Exercise:
If a line in the records below contains the word "along", copy it out.

###

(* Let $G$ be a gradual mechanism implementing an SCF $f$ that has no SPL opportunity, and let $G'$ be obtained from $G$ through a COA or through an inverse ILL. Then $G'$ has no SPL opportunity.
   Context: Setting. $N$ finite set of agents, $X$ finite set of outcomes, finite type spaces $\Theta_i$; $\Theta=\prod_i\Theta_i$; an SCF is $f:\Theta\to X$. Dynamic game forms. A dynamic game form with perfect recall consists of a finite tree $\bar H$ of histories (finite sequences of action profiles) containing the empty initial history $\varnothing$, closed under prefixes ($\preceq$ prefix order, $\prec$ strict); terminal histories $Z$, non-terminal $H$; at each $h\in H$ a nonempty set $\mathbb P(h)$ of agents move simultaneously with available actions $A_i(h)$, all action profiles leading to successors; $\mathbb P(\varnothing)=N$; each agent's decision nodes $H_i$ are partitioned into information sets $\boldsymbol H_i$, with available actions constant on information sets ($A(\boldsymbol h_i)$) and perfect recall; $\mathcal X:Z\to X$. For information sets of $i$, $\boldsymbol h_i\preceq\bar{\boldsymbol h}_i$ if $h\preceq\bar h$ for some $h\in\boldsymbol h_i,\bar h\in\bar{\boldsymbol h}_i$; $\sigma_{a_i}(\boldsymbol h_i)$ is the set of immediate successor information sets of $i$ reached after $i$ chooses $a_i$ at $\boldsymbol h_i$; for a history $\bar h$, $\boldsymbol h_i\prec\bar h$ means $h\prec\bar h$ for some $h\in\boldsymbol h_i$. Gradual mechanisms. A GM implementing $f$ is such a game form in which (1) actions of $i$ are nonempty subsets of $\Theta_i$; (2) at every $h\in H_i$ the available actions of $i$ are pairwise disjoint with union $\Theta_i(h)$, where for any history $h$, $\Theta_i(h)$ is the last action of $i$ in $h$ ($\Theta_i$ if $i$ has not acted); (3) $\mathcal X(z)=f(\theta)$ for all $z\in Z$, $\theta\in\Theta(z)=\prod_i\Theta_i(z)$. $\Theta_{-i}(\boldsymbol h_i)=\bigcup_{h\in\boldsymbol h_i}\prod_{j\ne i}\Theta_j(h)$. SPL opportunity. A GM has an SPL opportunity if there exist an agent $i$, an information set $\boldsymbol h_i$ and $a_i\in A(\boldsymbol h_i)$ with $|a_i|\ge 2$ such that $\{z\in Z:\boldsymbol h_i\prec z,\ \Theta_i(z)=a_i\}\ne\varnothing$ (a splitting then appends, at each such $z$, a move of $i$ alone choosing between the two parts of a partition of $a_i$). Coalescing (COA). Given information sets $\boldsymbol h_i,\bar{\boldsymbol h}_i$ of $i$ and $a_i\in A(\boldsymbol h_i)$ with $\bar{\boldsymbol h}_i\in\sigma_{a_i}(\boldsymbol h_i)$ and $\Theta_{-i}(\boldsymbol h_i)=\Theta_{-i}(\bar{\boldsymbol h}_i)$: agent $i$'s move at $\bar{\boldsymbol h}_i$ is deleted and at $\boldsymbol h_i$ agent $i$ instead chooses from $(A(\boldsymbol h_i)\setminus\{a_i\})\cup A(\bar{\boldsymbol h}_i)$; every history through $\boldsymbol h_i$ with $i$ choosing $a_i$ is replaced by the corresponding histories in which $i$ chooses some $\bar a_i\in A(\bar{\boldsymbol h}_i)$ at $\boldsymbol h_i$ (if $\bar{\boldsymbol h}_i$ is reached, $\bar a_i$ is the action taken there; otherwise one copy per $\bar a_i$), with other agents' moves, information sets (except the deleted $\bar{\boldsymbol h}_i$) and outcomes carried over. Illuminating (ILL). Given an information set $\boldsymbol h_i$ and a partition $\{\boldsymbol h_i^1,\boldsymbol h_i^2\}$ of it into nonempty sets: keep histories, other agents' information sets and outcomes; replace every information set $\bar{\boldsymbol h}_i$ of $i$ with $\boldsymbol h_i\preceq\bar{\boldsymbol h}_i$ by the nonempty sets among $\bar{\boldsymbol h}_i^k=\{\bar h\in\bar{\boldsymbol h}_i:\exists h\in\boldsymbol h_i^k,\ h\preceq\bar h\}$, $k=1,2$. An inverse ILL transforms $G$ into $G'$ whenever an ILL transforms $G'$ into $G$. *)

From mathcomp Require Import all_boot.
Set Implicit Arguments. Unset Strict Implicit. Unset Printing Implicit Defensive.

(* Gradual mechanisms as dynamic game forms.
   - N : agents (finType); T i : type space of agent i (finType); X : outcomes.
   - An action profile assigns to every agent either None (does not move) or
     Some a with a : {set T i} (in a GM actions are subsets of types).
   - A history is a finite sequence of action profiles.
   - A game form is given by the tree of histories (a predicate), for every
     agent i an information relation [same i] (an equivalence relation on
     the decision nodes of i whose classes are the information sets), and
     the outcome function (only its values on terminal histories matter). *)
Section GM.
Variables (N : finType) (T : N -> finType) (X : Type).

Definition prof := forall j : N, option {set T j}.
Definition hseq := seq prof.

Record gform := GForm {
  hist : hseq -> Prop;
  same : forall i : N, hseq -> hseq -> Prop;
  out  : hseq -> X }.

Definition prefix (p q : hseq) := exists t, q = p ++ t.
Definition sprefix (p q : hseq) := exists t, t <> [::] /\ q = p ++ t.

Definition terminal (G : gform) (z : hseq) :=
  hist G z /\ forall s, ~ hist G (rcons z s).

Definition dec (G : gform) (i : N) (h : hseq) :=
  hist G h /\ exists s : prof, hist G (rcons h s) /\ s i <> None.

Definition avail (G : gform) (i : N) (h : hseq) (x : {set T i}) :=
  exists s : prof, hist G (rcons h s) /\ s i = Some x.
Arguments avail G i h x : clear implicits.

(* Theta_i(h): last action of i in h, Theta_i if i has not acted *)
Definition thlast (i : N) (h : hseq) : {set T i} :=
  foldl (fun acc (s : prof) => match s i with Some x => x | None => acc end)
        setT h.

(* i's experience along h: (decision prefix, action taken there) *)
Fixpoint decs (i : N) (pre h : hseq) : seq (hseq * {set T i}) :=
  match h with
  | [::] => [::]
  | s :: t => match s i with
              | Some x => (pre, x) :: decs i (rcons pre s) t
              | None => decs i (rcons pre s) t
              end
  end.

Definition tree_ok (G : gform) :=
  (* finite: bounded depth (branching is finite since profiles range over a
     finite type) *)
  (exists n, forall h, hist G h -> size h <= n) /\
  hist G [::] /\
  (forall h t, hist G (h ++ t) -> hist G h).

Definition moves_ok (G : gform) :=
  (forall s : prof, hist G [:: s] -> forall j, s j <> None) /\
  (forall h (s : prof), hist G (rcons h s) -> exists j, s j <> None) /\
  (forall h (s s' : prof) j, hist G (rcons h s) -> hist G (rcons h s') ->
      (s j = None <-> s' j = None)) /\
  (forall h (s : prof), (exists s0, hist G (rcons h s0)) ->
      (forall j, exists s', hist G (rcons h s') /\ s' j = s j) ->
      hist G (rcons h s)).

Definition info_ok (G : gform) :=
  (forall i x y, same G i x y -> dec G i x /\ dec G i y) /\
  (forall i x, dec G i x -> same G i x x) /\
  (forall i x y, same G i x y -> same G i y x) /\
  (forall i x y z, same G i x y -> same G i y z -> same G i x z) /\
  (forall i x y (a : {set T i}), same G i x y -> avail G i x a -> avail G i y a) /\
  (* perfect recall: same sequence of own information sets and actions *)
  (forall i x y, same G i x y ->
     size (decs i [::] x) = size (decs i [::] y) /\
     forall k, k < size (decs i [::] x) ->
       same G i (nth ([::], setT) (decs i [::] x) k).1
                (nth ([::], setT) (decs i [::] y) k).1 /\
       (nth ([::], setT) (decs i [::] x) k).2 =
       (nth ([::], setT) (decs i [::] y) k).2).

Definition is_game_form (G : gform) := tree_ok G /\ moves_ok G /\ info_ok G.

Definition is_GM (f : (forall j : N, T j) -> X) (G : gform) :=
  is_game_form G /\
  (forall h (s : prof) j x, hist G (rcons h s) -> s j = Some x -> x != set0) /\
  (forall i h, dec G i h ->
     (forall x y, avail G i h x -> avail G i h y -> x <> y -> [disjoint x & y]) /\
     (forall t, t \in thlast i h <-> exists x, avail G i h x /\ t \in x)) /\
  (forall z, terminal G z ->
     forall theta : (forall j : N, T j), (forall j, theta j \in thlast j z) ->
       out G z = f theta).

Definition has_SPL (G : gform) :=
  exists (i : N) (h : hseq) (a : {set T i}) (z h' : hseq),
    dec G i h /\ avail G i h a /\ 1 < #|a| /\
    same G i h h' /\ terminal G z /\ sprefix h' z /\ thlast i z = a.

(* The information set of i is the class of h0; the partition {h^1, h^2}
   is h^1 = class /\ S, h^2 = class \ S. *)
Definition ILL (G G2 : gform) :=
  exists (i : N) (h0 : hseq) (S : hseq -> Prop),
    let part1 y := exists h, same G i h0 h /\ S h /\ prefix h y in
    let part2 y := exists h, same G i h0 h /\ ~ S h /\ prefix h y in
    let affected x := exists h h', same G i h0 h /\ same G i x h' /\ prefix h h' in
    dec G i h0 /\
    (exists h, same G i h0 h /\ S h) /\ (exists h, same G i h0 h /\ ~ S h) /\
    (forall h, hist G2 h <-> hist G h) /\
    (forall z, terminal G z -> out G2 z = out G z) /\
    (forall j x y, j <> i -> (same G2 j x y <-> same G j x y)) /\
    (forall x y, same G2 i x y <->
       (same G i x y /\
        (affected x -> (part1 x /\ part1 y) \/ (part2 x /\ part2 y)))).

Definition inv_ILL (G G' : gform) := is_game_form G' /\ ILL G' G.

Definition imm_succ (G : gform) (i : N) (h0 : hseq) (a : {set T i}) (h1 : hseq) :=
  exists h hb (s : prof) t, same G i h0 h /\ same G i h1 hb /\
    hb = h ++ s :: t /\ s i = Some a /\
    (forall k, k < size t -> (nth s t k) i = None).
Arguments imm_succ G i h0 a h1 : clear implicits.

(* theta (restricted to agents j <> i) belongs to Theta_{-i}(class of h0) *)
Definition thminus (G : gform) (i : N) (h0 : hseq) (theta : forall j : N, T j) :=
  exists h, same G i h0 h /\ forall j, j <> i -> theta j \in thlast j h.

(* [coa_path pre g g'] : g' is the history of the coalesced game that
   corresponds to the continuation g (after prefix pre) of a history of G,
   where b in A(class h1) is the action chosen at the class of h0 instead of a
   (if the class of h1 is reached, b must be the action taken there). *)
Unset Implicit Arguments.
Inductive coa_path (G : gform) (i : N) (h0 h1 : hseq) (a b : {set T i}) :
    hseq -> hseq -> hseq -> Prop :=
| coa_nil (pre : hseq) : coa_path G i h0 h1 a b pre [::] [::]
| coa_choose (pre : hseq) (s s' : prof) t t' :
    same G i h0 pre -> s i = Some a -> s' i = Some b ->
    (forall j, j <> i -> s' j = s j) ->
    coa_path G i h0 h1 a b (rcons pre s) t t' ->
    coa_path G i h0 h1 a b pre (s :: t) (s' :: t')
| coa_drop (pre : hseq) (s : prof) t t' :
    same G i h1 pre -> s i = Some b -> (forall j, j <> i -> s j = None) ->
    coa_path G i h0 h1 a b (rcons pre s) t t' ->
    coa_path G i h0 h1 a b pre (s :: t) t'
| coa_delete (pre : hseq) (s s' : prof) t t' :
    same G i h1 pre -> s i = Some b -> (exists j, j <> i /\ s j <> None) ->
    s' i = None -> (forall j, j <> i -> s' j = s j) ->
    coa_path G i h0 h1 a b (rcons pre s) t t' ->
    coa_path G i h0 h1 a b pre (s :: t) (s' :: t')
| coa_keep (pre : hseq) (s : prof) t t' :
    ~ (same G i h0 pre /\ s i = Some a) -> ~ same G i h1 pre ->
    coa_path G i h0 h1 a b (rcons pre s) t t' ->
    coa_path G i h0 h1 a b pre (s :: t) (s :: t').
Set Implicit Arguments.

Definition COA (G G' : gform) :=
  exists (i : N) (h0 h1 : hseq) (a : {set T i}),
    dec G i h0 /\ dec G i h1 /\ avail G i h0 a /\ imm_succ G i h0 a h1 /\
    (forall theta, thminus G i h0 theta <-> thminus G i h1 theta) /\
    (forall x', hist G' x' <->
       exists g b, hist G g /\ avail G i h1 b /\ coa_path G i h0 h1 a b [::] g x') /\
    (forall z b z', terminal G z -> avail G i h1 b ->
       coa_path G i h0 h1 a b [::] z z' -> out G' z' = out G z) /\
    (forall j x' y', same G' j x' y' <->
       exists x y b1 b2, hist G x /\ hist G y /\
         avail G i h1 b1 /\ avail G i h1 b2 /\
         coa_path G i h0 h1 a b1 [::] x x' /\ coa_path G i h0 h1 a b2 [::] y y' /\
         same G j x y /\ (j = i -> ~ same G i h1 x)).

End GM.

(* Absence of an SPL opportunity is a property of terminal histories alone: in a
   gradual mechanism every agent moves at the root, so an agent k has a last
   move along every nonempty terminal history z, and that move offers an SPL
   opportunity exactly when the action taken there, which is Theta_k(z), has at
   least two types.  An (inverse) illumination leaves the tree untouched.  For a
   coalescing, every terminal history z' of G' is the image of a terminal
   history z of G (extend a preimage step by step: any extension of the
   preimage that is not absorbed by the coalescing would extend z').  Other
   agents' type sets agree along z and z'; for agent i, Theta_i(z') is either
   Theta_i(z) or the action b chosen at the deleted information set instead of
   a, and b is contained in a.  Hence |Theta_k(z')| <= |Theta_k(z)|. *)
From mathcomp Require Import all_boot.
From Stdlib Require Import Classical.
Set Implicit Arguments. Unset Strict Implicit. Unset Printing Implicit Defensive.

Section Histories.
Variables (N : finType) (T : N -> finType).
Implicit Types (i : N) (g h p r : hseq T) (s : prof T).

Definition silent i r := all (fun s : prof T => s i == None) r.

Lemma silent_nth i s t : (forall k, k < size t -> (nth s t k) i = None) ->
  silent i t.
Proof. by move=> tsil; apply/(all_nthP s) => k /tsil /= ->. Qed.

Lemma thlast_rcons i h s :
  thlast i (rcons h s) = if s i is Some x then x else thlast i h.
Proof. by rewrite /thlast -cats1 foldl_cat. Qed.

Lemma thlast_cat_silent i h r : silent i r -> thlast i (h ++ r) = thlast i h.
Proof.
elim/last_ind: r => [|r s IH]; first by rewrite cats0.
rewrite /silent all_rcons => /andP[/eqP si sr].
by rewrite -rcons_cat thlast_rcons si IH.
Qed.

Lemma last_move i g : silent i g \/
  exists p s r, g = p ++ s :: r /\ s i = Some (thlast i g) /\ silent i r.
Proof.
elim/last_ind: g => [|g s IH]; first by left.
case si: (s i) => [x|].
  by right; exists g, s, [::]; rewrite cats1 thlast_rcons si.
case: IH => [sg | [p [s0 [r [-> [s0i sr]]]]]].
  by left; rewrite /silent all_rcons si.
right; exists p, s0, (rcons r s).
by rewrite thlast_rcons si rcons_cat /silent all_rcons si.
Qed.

###

Result of the task:
(* i's experience along h: (decision prefix, action taken there) *)
   move along every nonempty terminal history z, and that move offers an SPL
   agents' type sets agree along z and z'; for agent i, Theta_i(z') is either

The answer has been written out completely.